■ INPUT ■
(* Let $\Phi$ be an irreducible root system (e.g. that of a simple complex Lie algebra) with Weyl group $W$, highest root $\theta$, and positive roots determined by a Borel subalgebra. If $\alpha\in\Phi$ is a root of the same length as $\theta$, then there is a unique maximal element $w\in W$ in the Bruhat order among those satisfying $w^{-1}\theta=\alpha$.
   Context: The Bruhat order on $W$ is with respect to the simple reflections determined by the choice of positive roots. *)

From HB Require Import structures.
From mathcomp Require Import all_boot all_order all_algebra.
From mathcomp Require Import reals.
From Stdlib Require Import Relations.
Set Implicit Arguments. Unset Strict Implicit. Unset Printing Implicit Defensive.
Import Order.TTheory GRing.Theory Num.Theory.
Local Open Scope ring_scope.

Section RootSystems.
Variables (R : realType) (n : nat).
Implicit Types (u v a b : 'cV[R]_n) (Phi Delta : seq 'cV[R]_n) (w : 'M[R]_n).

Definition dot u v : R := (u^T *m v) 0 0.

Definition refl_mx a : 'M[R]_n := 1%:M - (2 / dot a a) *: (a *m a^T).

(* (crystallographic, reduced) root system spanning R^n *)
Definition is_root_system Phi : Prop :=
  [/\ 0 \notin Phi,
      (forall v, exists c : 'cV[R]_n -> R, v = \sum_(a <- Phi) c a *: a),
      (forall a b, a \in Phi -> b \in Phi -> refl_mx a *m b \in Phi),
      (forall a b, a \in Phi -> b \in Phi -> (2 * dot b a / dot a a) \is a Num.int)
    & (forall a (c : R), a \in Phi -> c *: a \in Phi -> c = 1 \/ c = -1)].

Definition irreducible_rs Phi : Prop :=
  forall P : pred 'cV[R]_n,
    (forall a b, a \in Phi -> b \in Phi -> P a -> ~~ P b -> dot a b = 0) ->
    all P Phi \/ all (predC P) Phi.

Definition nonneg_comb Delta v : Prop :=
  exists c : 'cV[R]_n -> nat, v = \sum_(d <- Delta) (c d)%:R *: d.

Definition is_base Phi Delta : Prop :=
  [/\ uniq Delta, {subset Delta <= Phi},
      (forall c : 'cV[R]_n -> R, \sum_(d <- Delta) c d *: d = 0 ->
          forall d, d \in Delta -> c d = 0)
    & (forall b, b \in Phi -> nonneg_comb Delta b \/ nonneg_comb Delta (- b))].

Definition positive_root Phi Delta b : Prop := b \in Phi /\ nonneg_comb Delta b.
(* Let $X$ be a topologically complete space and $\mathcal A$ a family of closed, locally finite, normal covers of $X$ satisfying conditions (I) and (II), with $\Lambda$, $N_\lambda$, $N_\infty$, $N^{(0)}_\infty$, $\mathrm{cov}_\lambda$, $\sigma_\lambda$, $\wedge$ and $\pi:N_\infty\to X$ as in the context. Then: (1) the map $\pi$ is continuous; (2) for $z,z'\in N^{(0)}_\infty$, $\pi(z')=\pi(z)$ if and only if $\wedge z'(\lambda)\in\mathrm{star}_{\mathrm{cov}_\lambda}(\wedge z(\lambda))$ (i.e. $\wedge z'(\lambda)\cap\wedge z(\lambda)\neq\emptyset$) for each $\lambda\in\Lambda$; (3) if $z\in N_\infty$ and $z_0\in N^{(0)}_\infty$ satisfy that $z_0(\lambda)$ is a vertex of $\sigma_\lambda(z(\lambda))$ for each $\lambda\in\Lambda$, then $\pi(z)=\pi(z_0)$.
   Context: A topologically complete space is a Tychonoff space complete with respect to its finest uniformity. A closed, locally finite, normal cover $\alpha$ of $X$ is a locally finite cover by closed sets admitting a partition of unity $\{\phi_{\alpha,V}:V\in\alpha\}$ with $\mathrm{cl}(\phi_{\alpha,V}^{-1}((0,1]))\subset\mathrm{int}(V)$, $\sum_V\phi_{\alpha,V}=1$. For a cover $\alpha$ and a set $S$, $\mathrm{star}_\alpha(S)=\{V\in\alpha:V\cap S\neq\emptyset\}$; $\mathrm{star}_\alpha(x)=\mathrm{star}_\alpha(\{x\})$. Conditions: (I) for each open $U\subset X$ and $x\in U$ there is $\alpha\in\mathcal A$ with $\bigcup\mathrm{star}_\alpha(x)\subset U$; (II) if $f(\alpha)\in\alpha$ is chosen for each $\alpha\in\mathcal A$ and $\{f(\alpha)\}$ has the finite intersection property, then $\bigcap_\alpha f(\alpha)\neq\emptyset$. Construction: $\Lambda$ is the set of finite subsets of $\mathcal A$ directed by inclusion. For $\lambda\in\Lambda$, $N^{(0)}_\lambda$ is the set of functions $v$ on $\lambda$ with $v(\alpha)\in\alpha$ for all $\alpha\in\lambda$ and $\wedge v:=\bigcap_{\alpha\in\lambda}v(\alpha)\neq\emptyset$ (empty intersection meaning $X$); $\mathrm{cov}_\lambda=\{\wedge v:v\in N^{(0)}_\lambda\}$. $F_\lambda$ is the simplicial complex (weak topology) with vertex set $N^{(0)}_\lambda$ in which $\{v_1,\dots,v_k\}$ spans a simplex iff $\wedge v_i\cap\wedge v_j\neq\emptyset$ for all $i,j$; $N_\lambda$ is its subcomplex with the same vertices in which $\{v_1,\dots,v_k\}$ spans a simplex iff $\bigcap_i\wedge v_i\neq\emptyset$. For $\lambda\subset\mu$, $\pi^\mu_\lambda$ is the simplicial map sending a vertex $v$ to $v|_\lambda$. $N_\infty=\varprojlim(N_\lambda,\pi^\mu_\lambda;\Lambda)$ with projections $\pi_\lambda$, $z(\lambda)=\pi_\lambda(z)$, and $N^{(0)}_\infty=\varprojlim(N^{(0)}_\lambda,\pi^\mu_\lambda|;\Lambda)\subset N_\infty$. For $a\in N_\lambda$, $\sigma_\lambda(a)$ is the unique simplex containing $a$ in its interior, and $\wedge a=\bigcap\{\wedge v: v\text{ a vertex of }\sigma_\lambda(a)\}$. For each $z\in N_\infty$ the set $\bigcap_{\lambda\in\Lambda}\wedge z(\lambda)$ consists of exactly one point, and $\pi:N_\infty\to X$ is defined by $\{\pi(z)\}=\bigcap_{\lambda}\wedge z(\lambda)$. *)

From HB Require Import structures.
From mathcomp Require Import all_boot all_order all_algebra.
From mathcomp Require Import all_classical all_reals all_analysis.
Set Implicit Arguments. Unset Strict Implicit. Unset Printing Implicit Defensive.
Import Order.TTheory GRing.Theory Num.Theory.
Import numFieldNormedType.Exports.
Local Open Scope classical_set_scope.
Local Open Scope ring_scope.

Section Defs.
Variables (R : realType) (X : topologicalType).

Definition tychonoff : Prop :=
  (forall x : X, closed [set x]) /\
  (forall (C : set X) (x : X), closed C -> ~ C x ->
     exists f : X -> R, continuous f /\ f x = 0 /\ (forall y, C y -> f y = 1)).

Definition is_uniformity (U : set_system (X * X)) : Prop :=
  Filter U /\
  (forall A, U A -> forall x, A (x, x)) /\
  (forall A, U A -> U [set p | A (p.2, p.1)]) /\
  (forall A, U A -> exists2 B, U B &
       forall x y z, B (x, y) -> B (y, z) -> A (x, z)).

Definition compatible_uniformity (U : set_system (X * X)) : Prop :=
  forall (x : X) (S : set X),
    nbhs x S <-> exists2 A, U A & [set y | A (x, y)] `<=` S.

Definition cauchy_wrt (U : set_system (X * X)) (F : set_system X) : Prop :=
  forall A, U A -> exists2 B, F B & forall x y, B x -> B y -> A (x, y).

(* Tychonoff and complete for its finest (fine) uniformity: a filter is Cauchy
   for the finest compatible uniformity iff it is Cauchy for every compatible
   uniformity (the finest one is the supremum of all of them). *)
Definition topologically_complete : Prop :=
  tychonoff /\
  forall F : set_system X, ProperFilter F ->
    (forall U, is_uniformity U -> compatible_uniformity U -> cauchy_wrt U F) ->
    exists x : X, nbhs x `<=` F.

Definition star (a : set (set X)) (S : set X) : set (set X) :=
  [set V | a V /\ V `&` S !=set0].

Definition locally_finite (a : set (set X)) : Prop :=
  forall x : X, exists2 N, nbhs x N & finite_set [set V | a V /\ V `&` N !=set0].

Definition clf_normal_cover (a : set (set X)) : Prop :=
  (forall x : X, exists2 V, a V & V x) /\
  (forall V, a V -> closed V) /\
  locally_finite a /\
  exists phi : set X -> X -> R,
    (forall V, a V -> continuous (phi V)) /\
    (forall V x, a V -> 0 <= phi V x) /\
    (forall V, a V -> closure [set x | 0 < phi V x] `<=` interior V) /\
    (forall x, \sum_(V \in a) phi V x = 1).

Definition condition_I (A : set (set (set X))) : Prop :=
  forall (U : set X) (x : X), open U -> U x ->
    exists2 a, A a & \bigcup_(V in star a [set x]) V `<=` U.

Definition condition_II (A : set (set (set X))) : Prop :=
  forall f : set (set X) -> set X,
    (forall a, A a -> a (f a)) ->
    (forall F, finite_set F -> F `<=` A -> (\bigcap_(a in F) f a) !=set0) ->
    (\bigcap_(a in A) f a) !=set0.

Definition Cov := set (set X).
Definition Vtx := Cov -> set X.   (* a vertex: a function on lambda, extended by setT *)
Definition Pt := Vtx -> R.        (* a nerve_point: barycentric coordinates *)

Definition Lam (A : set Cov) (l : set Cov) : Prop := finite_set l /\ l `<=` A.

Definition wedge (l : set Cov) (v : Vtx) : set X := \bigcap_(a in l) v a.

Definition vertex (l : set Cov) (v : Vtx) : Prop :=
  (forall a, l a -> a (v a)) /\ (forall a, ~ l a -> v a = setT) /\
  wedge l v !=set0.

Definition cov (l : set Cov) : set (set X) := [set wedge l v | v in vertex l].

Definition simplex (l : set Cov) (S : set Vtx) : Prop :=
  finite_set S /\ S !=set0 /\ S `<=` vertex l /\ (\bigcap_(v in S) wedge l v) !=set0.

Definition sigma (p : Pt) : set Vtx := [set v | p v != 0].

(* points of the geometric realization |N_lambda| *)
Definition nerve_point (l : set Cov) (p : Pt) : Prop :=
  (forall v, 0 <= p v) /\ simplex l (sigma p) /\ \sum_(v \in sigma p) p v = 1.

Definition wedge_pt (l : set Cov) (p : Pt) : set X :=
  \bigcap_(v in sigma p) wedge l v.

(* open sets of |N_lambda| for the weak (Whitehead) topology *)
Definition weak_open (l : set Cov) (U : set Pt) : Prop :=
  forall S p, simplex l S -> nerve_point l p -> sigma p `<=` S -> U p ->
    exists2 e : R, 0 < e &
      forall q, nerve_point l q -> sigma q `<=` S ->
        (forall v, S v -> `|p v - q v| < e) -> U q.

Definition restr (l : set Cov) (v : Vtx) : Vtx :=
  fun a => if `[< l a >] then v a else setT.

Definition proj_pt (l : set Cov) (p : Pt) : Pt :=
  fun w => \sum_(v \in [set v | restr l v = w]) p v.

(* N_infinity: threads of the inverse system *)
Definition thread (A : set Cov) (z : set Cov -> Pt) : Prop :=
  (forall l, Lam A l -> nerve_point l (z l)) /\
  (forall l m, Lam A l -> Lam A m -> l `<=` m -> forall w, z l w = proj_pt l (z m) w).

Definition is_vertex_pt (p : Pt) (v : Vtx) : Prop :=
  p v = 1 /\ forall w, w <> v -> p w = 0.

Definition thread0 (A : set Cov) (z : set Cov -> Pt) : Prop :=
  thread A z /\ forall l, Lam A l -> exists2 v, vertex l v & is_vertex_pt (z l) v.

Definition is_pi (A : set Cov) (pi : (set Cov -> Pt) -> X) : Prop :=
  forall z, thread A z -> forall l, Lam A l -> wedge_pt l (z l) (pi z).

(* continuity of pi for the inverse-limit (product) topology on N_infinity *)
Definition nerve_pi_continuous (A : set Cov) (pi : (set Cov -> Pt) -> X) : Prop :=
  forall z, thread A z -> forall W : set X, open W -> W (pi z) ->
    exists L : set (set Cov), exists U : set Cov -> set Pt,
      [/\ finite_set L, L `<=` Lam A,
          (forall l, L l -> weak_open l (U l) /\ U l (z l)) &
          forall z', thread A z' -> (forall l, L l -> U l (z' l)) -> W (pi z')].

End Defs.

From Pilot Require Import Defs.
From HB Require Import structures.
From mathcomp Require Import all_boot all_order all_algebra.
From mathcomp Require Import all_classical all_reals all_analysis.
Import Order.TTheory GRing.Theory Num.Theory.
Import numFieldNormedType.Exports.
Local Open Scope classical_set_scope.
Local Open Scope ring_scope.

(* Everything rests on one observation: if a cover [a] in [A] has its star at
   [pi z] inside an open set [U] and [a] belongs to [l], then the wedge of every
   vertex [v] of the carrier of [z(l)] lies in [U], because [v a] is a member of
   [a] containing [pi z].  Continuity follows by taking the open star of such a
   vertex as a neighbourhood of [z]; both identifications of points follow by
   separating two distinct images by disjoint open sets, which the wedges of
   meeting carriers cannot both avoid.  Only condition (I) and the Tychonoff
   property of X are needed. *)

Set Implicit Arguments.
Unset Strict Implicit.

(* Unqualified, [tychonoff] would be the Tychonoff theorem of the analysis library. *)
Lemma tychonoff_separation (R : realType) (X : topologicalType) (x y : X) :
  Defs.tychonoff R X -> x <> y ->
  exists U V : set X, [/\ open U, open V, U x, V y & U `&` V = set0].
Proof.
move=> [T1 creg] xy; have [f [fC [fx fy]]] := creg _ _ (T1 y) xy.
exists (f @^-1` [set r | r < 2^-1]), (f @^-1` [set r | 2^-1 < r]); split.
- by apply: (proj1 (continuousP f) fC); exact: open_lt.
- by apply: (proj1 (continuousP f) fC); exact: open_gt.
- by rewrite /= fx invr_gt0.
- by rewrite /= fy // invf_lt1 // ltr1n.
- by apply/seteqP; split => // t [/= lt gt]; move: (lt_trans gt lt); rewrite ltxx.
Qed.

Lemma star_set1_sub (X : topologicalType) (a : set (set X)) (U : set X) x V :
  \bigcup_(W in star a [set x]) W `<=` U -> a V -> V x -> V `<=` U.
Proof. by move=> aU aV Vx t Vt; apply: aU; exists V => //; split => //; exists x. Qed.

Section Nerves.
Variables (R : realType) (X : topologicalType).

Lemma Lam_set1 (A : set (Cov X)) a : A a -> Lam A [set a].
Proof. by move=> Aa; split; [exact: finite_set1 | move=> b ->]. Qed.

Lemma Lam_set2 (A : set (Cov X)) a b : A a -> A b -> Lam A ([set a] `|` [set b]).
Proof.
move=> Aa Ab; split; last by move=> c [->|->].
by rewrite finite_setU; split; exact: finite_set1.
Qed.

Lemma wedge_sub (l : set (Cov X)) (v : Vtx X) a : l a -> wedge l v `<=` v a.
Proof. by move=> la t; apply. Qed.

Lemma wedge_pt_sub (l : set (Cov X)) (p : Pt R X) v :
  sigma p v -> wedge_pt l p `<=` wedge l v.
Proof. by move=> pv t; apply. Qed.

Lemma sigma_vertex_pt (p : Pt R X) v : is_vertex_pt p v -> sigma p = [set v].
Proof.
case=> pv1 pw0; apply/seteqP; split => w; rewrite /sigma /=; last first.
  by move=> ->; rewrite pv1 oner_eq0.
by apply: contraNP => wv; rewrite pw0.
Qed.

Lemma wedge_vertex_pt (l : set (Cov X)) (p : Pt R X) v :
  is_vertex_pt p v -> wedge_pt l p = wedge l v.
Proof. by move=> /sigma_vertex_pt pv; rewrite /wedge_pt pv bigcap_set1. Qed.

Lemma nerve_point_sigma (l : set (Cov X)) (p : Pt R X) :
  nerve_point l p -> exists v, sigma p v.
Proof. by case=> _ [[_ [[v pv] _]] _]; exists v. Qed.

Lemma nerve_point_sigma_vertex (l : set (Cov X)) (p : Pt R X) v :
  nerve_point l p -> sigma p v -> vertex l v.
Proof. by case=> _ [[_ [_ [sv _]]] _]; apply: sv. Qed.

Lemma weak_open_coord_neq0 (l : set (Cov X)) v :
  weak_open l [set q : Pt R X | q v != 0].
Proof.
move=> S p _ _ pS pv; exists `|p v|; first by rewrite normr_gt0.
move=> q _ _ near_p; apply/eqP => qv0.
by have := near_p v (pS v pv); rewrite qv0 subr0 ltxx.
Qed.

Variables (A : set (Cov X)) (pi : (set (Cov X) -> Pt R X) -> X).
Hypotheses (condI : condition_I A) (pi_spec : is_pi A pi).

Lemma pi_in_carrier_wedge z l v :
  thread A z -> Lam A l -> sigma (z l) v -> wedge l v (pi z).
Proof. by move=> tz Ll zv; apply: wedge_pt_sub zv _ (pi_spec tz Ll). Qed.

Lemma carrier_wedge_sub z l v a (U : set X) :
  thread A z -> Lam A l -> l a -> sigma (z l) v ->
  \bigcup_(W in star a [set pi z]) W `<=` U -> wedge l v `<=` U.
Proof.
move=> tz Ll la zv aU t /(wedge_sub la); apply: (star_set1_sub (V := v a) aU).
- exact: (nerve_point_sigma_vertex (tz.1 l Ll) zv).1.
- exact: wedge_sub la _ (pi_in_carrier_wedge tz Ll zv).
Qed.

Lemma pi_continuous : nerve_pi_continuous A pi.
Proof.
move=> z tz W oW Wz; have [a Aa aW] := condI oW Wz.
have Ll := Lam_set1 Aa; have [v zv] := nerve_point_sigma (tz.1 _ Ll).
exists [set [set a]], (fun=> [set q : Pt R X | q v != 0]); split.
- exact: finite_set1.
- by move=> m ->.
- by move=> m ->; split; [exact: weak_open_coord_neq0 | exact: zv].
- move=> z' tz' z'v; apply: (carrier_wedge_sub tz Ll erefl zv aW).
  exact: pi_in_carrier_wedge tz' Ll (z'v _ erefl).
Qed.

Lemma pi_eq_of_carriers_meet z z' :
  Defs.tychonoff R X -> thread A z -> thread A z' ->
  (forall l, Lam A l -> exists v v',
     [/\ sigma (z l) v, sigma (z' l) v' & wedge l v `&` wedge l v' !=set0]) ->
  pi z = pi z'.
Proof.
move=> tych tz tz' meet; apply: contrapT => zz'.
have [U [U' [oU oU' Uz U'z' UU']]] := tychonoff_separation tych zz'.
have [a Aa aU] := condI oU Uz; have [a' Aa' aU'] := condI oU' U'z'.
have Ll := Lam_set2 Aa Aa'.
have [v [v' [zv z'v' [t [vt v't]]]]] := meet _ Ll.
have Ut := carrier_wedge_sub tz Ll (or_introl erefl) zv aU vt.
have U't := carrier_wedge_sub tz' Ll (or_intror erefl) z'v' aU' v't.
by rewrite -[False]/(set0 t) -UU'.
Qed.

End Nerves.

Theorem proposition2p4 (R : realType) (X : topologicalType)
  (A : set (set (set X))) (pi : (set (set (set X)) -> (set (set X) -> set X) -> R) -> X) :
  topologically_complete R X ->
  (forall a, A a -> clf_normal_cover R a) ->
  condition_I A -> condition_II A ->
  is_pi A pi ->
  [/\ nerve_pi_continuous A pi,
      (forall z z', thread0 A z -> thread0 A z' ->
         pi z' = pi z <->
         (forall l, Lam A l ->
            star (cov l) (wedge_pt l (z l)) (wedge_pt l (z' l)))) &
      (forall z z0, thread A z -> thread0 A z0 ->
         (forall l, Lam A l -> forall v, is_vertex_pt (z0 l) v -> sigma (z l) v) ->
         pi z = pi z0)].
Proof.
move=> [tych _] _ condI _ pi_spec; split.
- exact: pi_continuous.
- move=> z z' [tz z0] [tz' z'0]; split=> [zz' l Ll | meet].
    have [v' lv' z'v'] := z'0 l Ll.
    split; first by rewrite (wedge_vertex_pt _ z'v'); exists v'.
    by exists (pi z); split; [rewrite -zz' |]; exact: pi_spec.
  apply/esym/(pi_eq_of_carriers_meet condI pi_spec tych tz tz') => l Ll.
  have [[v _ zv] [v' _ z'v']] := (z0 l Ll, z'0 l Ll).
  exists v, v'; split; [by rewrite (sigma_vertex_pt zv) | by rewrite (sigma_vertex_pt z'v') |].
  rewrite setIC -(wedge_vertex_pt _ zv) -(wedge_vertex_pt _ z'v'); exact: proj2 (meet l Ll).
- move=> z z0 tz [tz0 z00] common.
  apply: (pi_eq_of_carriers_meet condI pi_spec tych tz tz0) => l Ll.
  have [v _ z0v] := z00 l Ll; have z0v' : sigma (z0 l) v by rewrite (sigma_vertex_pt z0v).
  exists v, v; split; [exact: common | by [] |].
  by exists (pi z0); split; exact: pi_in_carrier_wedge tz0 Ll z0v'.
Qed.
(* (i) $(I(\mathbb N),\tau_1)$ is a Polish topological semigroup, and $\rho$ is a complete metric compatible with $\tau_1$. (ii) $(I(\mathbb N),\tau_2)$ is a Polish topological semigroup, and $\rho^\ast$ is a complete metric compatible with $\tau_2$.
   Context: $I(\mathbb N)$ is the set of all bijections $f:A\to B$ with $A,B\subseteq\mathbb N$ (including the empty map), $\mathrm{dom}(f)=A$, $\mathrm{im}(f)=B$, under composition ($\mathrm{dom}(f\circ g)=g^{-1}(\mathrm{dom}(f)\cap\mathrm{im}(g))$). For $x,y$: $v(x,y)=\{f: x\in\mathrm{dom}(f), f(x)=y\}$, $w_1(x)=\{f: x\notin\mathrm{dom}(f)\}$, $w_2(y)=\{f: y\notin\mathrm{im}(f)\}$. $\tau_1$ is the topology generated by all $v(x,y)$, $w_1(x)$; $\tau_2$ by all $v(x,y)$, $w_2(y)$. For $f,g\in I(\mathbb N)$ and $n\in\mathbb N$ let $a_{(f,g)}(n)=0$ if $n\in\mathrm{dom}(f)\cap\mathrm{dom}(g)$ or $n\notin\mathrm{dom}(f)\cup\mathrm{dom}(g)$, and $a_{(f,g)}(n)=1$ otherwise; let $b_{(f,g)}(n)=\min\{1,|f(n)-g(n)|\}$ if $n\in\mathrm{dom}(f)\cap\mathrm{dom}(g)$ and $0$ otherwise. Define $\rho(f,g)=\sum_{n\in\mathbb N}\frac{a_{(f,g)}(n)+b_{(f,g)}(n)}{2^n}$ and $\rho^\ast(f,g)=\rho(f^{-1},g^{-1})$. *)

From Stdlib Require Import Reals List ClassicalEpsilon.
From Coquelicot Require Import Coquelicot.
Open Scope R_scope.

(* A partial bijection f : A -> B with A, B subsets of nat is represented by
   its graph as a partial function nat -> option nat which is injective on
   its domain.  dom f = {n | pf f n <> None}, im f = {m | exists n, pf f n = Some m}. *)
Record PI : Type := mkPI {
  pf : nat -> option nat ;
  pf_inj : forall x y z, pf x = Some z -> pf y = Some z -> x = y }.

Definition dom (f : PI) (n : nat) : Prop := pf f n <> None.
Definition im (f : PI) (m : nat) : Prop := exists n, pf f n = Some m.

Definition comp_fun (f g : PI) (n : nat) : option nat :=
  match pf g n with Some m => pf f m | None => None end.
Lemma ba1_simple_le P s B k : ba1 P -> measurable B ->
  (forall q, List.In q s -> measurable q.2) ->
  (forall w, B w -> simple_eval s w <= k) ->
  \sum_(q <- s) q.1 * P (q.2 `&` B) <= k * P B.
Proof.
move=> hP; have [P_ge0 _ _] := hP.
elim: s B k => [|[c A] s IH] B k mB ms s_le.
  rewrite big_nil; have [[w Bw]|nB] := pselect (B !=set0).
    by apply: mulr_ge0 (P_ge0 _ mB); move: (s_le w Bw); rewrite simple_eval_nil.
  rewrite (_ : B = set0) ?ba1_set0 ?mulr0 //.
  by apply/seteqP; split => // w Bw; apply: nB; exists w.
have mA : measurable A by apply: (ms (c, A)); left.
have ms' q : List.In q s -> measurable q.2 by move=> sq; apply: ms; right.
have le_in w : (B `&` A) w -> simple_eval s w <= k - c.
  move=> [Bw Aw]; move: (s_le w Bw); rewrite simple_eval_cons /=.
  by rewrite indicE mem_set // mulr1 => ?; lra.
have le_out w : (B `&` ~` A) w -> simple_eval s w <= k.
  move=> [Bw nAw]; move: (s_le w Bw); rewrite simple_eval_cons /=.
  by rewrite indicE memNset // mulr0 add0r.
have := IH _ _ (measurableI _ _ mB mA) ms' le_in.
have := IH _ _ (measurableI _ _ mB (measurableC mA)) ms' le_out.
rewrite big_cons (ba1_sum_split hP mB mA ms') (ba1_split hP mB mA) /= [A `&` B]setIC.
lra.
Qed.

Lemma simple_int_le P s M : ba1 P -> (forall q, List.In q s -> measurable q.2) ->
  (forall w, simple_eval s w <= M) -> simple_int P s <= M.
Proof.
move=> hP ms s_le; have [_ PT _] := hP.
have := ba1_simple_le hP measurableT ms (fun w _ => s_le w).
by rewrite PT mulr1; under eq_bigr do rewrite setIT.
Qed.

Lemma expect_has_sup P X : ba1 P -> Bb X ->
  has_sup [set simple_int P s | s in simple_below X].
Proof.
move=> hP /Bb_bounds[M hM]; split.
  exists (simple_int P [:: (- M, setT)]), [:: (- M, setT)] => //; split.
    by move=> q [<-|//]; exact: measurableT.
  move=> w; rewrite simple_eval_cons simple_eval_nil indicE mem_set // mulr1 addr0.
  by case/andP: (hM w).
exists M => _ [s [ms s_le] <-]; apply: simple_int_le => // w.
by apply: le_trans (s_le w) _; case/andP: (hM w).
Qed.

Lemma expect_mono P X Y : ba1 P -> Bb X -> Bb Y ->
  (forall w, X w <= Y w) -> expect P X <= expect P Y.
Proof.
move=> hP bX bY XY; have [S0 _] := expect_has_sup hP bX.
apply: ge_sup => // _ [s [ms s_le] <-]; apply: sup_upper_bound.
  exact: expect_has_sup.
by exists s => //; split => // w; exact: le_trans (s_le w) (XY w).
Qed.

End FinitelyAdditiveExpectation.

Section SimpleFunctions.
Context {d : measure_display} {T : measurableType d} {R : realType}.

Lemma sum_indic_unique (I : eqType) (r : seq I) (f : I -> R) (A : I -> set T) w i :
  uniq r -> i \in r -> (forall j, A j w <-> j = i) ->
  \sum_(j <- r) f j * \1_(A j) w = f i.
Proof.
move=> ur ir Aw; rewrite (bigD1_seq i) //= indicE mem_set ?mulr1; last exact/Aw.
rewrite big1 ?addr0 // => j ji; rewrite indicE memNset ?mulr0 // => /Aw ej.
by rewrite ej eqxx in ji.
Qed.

■ EXERCISE BRIEF ■
Give back precisely the lines above that start at the line containing "move=> hP /Bb_bounds[M hM]; split." and end at the line containing "by case/andP: (hM w).", inclusive. No other lines belong in the output.

■ SOLUTION ■
move=> hP /Bb_bounds[M hM]; split.
  exists (simple_int P [:: (- M, setT)]), [:: (- M, setT)] => //; split.
    by move=> q [<-|//]; exact: measurableT.
  move=> w; rewrite simple_eval_cons simple_eval_nil indicE mem_set // mulr1 addr0.
  by case/andP: (hM w).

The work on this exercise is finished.